Topological sort (30:14) [lecture notes]
We present how depth-first search can be used to order a set of processes in a precedence graph, and prove that the algorithm is correct. This problem is called topological sort since it is trying to order (or sort) the processes in a way that adheres to the given precedence constraints.

Strongly connected components (5:51) [lecture notes]
We define a strongly connected components, and then briefly describe how depth-first search can be used to solve this problem.

Lecture 27: Garbage Collection Algorithms

What is garbage collection? (11:56) [lecture notes]
We discuss memory management and how one defines which memory cells are garbage.

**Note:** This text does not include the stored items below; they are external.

Lemma arc_bounded_infix l1 l2 l3 : arc_bounded (l1 ++ l2 ++ l3) -> arc_bounded l2.
Proof.
  intros H L1 a M b L3 ->. apply (H (l1 ++ L1) a M b (L3 ++ l3)).
  rewrite <- !app_assoc. simpl. now rewrite <- !app_assoc.
Qed.

Lemma arc_bounded_split l1 x p z q y :
  arc_bounded (l1 ++ x :: p ++ z :: q ++ [y]) ->
  arc_bounded (x :: p ++ [z]) /\ arc_bounded (z :: q ++ [y]) /\
  dist_le S x z (length p + 1) /\ dist_le S z y (length q + 1).
Proof.
  intro H. repeat split.
  - apply (arc_bounded_infix l1 _ (q ++ [y])). simpl. now rewrite <- app_assoc.
  - apply (arc_bounded_infix (l1 ++ x :: p) _ []). now rewrite app_nil_r, <- app_assoc.
  - now apply (H l1 x p z (q ++ [y])).
  - apply (H (l1 ++ x :: p) z q y []). now rewrite <- app_assoc.
Qed.

Lemma arc_bounded_labels (h : G) w : Forall (inS S) w -> arc_bounded (h :: labels h w).
Proof.
  intros Hw l1 a M b l3 E.
  destruct (labels_cons_chord G w h l1 a M b l3 E) as (w1 & w2 & w3 & -> & Hlen & Hp).
  exists w2. rewrite !Forall_app in Hw. repeat split; [tauto | lia | exact Hp].
Qed.

Lemma ktri_mono k k' l : ktri S k l -> k <= k' -> ktri S k' l.
Proof.
  intros H Hk; induction H.
  - now constructor.
  - constructor 2; auto; intros Hn; eapply dist_le_mono; eauto.
Qed.

Lemma list_split_at {A : Type} (l : list A) i :
  i + 2 <= length l ->
  exists x p z q, l = x :: p ++ z :: q /\ length p = i /\ length q = length l - i - 2.
Proof.
  intro Hl. destruct l as [|x l]; simpl in Hl; [lia|].
  destruct (skipn i l) as [|z q] eqn:E.
  - apply (f_equal (@length A)) in E. rewrite length_skipn in E. simpl in E. lia.
  - exists x, (firstn i l), z, q. apply (f_equal (@length A)) in E as Eq.
    rewrite length_skipn in Eq. simpl in Eq. rewrite length_firstn.
    split; [now rewrite <- E, firstn_skipn | cbn [length]; lia].
Qed.
Lemma span_set_homog n (A : {set 'rV[F]_n}) a0 : a0 \in A ->
  (span_set (homog @: A) :=: homog a0 + row_mx 0 (span_set (translate A a0)))%MS.
Proof.
move=> Aa0.
have embed k (X : 'M[F]_(k, n)) : row_mx 0 X = X *m row_mx (0 : 'M_(n, 1)) 1%:M.
  by rewrite mul_mx_row mulmx0 mulmx1.
have homogB a : homog a - homog a0 = row_mx 0 (a - a0).
  by rewrite opp_row_mx add_row_mx subrr.
apply/eqmxP/andP; split.
  apply: span_set_sub => _ /imsetP[a Aa ->].
  rewrite -[homog a](subrK (homog a0)) homogB addrC addmx_sub_adds //.
  rewrite (embed _ (a - a0)) (embed _ (span_set _)) submxMr // span_set_sup //.
  exact: imset_f.
rewrite addsmx_sub span_set_sup ?imset_f // (embed _ (span_set _)).
apply: span_set_mulmx_sub => _ /imsetP[a Aa ->].
by rewrite -embed -homogB addmx_sub ?eqmx_opp ?span_set_sup ?imset_f.
Qed.

Lemma rank_aff_translate n (A : {set 'rV[F]_n}) a0 :
  a0 \in A -> rank_aff A = (rank_set (translate A a0)).+1.
Proof.
move=> Aa0; rewrite rank_aff_homog (span_set_homog Aa0).
rewrite mxrank_adds_rV ?rank_row_0mx //.
apply/negP => /submxP[u]; rewrite mul_mx_row mulmx0 => /eq_row_mx[+ _].
move/(congr1 (fun M : 'M[F]_1 => M 0 0)); rewrite !mxE eqxx => /eqP.
by rewrite oner_eq0.
Qed.

Section Product.
Variables (n m : nat) (A : {set 'rV[F]_n}) (B : {set 'rV[F]_m}).

Lemma lin_in_diag_block M1 M2 : 0 \in A -> 0 \in B ->
  lin_in A M1 -> lin_in B M2 -> lin_in (prodset A B) (block_mx M1 0 0 M2).
Proof.
move=> A0 B0 /lin_inP AM1 /lin_inP BM2; apply/lin_inP => v.
rewrite -(hsubmxK v) sub_row_diag_block row_mx_prodset => /andP[/AM1 vA /BM2 vB].
by case/orP: vA => [-> | /eqP ->]; case/orP: vB => [-> | /eqP ->]; rewrite ?A0 ?B0.
Qed.

Lemma aff_in_diag_block x1 x2 M1 M2 : aff_in A (x1, M1) -> aff_in B (x2, M2) ->
  aff_in (prodset A B) (row_mx x1 x2, block_mx M1 0 0 M2).
Proof.
move=> /aff_inP AM1 /aff_inP BM2; apply/aff_inP => v.
rewrite -(hsubmxK v) sub_row_diag_block add_row_mx row_mx_prodset.
by case/andP=> /AM1 -> /BM2 ->.
Qed.

Lemma omega_prodset : 0 \in A -> 0 \in B ->
  omega (prodset A B) = (omega A + omega B)%N.
Proof.
move=> A0 B0; apply/eqP; rewrite eqn_leq; apply/andP; split.
  apply/bigmax_leqP => M ABM; rewrite -(hsubmxK M).
  apply: leq_trans (mxrank_row_mx_le _ _) _.
  rewrite lsubmxEmul rsubmxEmul -!(mxrank_gen (M *m _)) leq_add //.
    apply/rank_le_omega/(lin_in_mulmx _ ABM) => x.
    by rewrite -lsubmxEmul; apply: lsubmx_prodset.
  apply/rank_le_omega/(lin_in_mulmx _ ABM) => x.
  by rewrite -rsubmxEmul; apply: rsubmx_prodset.
have [M1 AM1 <-] := omega_attained A; have [M2 BM2 <-] := omega_attained B.
by rewrite -rank_diag_block_mx rank_le_omega // lin_in_diag_block.
Qed.

Lemma omega_aff_prodset : A != set0 -> B != set0 ->
  omega_aff (prodset A B) = (omega_aff A + omega_aff B)%N.
Proof.
move=> nA nB; apply/eqP; rewrite eqn_leq; apply/andP; split.
  apply/bigmax_leqP => -[x M] ABM; rewrite -(hsubmxK M).
  apply: leq_trans (mxrank_row_mx_le _ _) _.
  rewrite lsubmxEmul rsubmxEmul -!(mxrank_gen (M *m _)) leq_add //.
    apply/rank_le_omega_aff/(aff_in_mulmx _ ABM) => y.
    by rewrite -lsubmxEmul; apply: lsubmx_prodset.
  apply/rank_le_omega_aff/(aff_in_mulmx _ ABM) => y.
  by rewrite -rsubmxEmul; apply: rsubmx_prodset.
have [[x1 M1] AM1 <-] := omega_aff_attained nA.
have [[x2 M2] BM2 <-] := omega_aff_attained nB.
by rewrite -rank_diag_block_mx (rank_le_omega_aff (aff_in_diag_block AM1 BM2)).
Qed.

Lemma dirset_prodset : dirset (prodset A B) = prodset (dirset A) (dirset B).
Proof.
apply/setP => w; rewrite -(hsubmxK w) row_mx_prodset !inE.
apply/existsP/andP => [[x /forallP ABx] | []]; last first.
  move=> /existsP[x1 /forallP Ax1] /existsP[x2 /forallP Bx2].
  exists (row_mx x1 x2); apply/forallP => c.
  by rewrite scale_row_mx add_row_mx row_mx_prodset Ax1 Bx2.
split; apply/existsP.
  exists (lsubmx x); apply/forallP => c.
  by have := lsubmx_prodset (ABx c); rewrite linearD linearZ /= row_mxKl.
exists (rsubmx x); apply/forallP => c.
by have := rsubmx_prodset (ABx c); rewrite linearD linearZ /= row_mxKr.
Qed.

Lemma span_set_prodset : 0 \in A -> 0 \in B ->
  (span_set (prodset A B) :=: block_mx (span_set A) 0 0 (span_set B))%MS.
Proof.
move=> A0 B0; apply/eqmxP/andP; split.
  apply: span_set_sub => w ABw; rewrite -(hsubmxK w) sub_row_diag_block.
  by rewrite !span_set_sup ?(lsubmx_prodset ABw) ?(rsubmx_prodset ABw).
have embedl k (X : 'M[F]_(k, n)) : row_mx X 0 = X *m row_mx 1%:M (0 : 'M_(n, m)).
  by rewrite mul_mx_row mulmx1 mulmx0.
have embedr k (X : 'M[F]_(k, m)) : row_mx 0 X = X *m row_mx (0 : 'M_(m, n)) 1%:M.
  by rewrite mul_mx_row mulmx1 mulmx0.
rewrite block_mxEv col_mx_sub embedl embedr.
apply/andP; split; apply: span_set_mulmx_sub => a Xa.
  by rewrite -embedl span_set_sup // row_mx_prodset Xa B0.
by rewrite -embedr span_set_sup // row_mx_prodset Xa A0.
Qed.

Lemma rank_set_prodset :
  0 \in A -> 0 \in B -> rank_set (prodset A B) = (rank_set A + rank_set B)%N.
Proof.
move=> A0 B0; rewrite /rank_set -!/(span_set _).
by rewrite span_set_prodset // rank_diag_block_mx.
Qed.

Lemma translate_prodset a0 b0 :
  translate (prodset A B) (row_mx a0 b0) = prodset (translate A a0) (translate B b0).
Proof.
apply/setP => w; apply/imsetP/imset2P.
  case=> _ /imset2P[a b Aa Bb ->] ->.
  exists (a - a0) (b - b0); [exact: imset_f | exact: imset_f |].
  by rewrite opp_row_mx add_row_mx.
case=> _ _ /imsetP[a Aa ->] /imsetP[b Bb ->] ->.
by exists (row_mx a b); rewrite ?row_mx_prodset ?Aa ?opp_row_mx ?add_row_mx.
Qed.

End Product.

Lemma omega_dir_prodset n m (A : {set 'rV[F]_n}) (B : {set 'rV[F]_m}) :
  A != set0 -> B != set0 ->
  omega_dir (prodset A B) = (omega_dir A + omega_dir B)%N.
Proof. by move=> nA nB; rewrite /omega_dir dirset_prodset omega_prodset ?dirset0. Qed.

Lemma rank_aff_prodset n m (A : {set 'rV[F]_n}) (B : {set 'rV[F]_m}) :
  A != set0 -> B != set0 ->
  rank_aff (prodset A B) = (rank_aff A + rank_aff B - 1)%N.
Proof.
case/set0Pn=> a0 Aa0; case/set0Pn=> b0 Bb0.
have ABab0 : row_mx a0 b0 \in prodset A B by rewrite row_mx_prodset Aa0.
rewrite !(rank_aff_translate Aa0, rank_aff_translate Bb0, rank_aff_translate ABab0).
by rewrite translate_prodset rank_set_prodset ?mem0_translate // addSn addnS subn1.
Qed.

End ProductSets.

Unset Implicit Arguments.
Theorem proposition2p1 (F : finFieldType) (n m : nat)
  (A : {set 'rV[F]_n}) (B : {set 'rV[F]_m}) :
  A != set0 -> B != set0 ->
  [/\ (0 \in A -> 0 \in B -> omega (prodset A B) = (omega A + omega B)%N),
      omega_dir (prodset A B) = (omega_dir A + omega_dir B)%N,
      omega_aff (prodset A B) = (omega_aff A + omega_aff B)%N,
      (0 \in A -> 0 \in B -> rank_set (prodset A B) = (rank_set A + rank_set B)%N)
    & rank_aff (prodset A B) = (rank_aff A + rank_aff B - 1)%N].
Proof.
move=> nA nB; split.
- exact: omega_prodset.
- exact: omega_dir_prodset.
- exact: omega_aff_prodset.
- exact: rank_set_prodset.
- exact: rank_aff_prodset.
Qed.
Lemma leP_trans n : transitive (@leP n).
Proof.
move=> y x z; rewrite !leP_chain => /andP[/eqP-> le_xy] /andP[-> le_yz].
exact: leq_trans le_yz.
Qed.

Lemma upper_maximal n (A : {set P n}) a : a \in A -> upper a -> maximal_in A a.
Proof.
move=> aA ua; rewrite /maximal_in aA; apply/forallP => b; apply/implyP => /andP[_].
rewrite leP_chain ua => /andP[/eqP cab ub]; apply/eqP/chain_upper_inj => //.
by move: ub; case: (upper b).
Qed.

Lemma mem_hatp n (A : {set P n.+1}) m : (m \in hatp A) = [exists a in A, leP m (restr a)].
Proof.
apply/bigcupP/existsP => [[a /andP[aA _]]|[a /andP[aA le_ma]]].
  by rewrite inE => ?; exists a; rewrite aA.
suff [b max_b le_ab] : exists2 b, maximal_in A b & leP a b.
  by exists b; rewrite // inE (leP_trans le_ma) // leP_restr.
case ua: (upper a); first by exists a; rewrite ?upper_maximal ?leP_refl.
case max_a: (maximal_in A a); first by exists a; rewrite ?leP_refl.
move: max_a; rewrite /maximal_in aA /= => /forallPn[b].
rewrite negb_imply => /andP[/andP[bA le_ab] neq_ba].
exists b => //; apply: upper_maximal => //; case ub: (upper b) => //.
move: le_ab; rewrite leP_chain => /andP[/eqP cab _].
by rewrite (chain_upper_inj cab (etrans ua (esym ub))) eqxx in neq_ba.
Qed.

Lemma hatp_mono n (A B : {set P n.+1}) : A \subset B -> hatp A \subset hatp B.
Proof.
move/subsetP => sAB; apply/subsetP => m; rewrite !mem_hatp => /existsP[a /andP[/sAB aB le_ma]].
by apply/existsP; exists a; rewrite aB.
Qed.

Definition child n (f : {ffun T n.+1 -> 'I_3}) (c : P n) (k : nat) : nat :=
  extT f (snoc c (inord k)).

Lemma extT_q n (f : {ffun T n.+1 -> 'I_3}) c : inT c ->
  extT (q f) c = maxn (maxn (child f c 0) (child f c 1))
                      (maxn (minn (child f c 2) 1) (2 * minn (child f c 3) 1)).
Proof.
move=> inT_c; rewrite -[c](SubK (T n) inT_c) extT_val ffunE SubK /= inordK // /child.
have := extT_le2 f (snoc c (inord 0)); have := extT_le2 f (snoc c (inord 1)).
have := extT_le2 f (snoc c (inord 3)).
lia.
Qed.

(* A witness describes the point at height [s'] of a chain, extended by the
   last coordinate [i] (see [mem_chain_set_snoc]). *)
Lemma q_value_spec (s : bool) (e : nat -> nat) : (forall k, e k <= 2) ->
  reflect (exists s' : bool, exists2 i, i < 4 &
             (s <= s') && ((if 1 < i then odd i else s') < e (if i < 2 then i else 2 + s')))
          (s < maxn (maxn (e 0) (e 1)) (maxn (minn (e 2) 1) (2 * minn (e 3) 1))).
Proof.
move=> e_le2; have := e_le2 0; have := e_le2 1; have := e_le2 2; have := e_le2 3.
move=> e3 e2 e1 e0; apply: (iffP idP) => [|[s' [i i_lt4 /andP[le_s]]]].
  case: s => /= lt_s.
    case: (ltnP 1 (e 0)) => ?; first by exists true, 0.
    case: (ltnP 1 (e 1)) => ?; first by exists true, 1.
    by exists true, 2 => //=; rewrite addn1; lia.
  case: (ltnP 0 (e 0)) => ?; first by exists false, 0.
  case: (ltnP 0 (e 1)) => ?; first by exists false, 1.
  case: (ltnP 0 (e 2)) => ?; first by exists false, 2.
  by exists true, 2 => //=; rewrite addn1; lia.
by case: i i_lt4 => [|[|[|[|]]]] //= _; case: s' le_s; case: s; rewrite //= ?addn0 ?addn1; lia.
Qed.

Lemma mem_chain_set_snoc n (f : {ffun T n.+1 -> 'I_3}) (x : P n) i : 0 < n ->
  (snoc x i \in chain_set f) =
  ((if 1 < i then odd i else upper x) < child f (chain x) (if i < 2 then nat_of_ord i else 2 + upper x)).
Proof. by move=> n_gt0; rewrite inE chain_snoc upper_snoc /digit (negbTE (lt0n_neq0 n_gt0)). Qed.

Lemma hatp_chain_set n (f : {ffun T n.+1 -> 'I_3}) : 0 < n -> hatp (chain_set f) = chain_set (q f).
Proof.
move=> n_gt0; apply/setP => m; rewrite mem_hatp inE extT_q ?inT_chain //.
apply/existsP/(q_value_spec _ (fun k => extT_le2 _ _)).
  case=> a; rewrite -(snoc_restr a) mem_chain_set_snoc // leP_chain restr_snoc.
  case/andP => lt_a /andP[/eqP-> le_s].
  by exists (upper (restr a)), (a ord_max); rewrite ?ltn_ord ?le_s.
case=> s' [i i_lt4 /andP[le_s lt_i]].
have [c_pt u_pt] := chain_ptP s' (inT_chain m n_gt0).
exists (snoc (chain_pt (chain m) s') (Ordinal i_lt4)).
by rewrite mem_chain_set_snoc // restr_snoc leP_chain c_pt u_pt eqxx le_s !andbT.
Qed.

Lemma dsig_ext (I : Type) (F : I -> Type) (Q : (forall i, F i) -> Prop)
    (u v : {f : forall i, F i | Q f}) :
  (forall i, proj1_sig u i = proj1_sig v i) -> u = v.
Proof.
case: u v => [f Qf] [g Qg] /= /(functional_extensionality_dep f g) fg.
by subst g; congr exist; apply: proof_irrelevance.
Qed.

Lemma chain_count_compat (A : OP) n :
  q (chain_count (proj1_sig A n.+1)) = chain_count (proj1_sig A n).
Proof.
case: A => A [downA hatA] /=; case: n => [|n].
  by apply/ffunP => t; case: (T0_empty t).
by rewrite -(hatA n.+1) -{2}(chain_setK (ltn0Sn _) (downA n.+2)) hatp_chain_set // chain_countK.
Qed.

Definition count_limit (A : OP) : QL :=
  exist _ (fun n => chain_count (proj1_sig A n)) (chain_count_compat A).

(* [T 0] is empty, so level 0 has to be recovered from level 1. *)
Definition set_family (f : QL) (n : nat) : {set P n} :=
  if n is m.+1 then chain_set (proj1_sig f m.+1) else hatp (chain_set (proj1_sig f 1)).

Lemma downset_P0 (A : {set P 0}) : downset A.
Proof. by move=> x y _; rewrite (P0_eq x y). Qed.

Lemma set_family_compat (f : QL) :
  (forall n, downset (set_family f n)) /\ (forall n, hatp (set_family f n.+1) = set_family f n).
Proof.
split; first by case=> [|n]; [apply: downset_P0 | apply: chain_set_downset].
by case=> [|n] //=; rewrite hatp_chain_set // (proj2_sig f n.+1).
Qed.

Definition set_limit (f : QL) : OP := exist _ (set_family f) (set_family_compat f).

Theorem mainTheorem19 :
  exists phi : OP -> QL,
    bijective phi /\ (forall A B : OP, OP_le A B <-> QL_le (phi A) (phi B)).
Proof.
exists count_limit; split.
  exists set_limit => [[A [downA hatA]]|f]; apply: dsig_ext => -[|n] /=.
  - by rewrite chain_setK // (hatA 0).
  - by rewrite chain_setK.
  - by apply/ffunP => t; case: (T0_empty t).
  - by rewrite chain_countK.
move=> [A [downA hatA]] [B [downB hatB]]; rewrite /OP_le /QL_le /=.
split => [sAB n t|le_count].
  exact: chain_count_mono.
have sAB n : A n.+1 \subset B n.+1.
  rewrite -(chain_setK (ltn0Sn n) (downA n.+1)) -(chain_setK (ltn0Sn n) (downB n.+1)).
  exact: chain_set_mono (le_count n.+1).
by case=> [|n] //; rewrite -(hatA 0) -(hatB 0) hatp_mono.
Qed.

Mark-and-sweep garbage collection algorithm (51:02) [lecture notes]
We describe the mark-and-sweep garbage collection algorithm, including in-place depth-first search and why that is so important for this application. We close with a brief analysis of the mark-and-sweep algorithm and an example where novice Java programmers often unnecessarily create garbage.

Copying garbage collection algorithm (14:16) [lecture notes] We briefly overview the copying collection garbage collection algorithm and discuss the trade-off between mark-and-sweep and copying collection.

Lecture 28: Course Review

Graphs (15:23) [lecture notes]
We review the portion of the course on graphs and graph algorithms.

ADT taxonomy (11:59) [lecture notes]
We review the ADT taxonomy introduced and used throughout this course to select the best ADT(s) for a given application.

Data structures (13:12) [lecture notes]
We review the data structures covered in this course.

Other topics (7:05) [lecture notes]
We review the remaining topics in this course.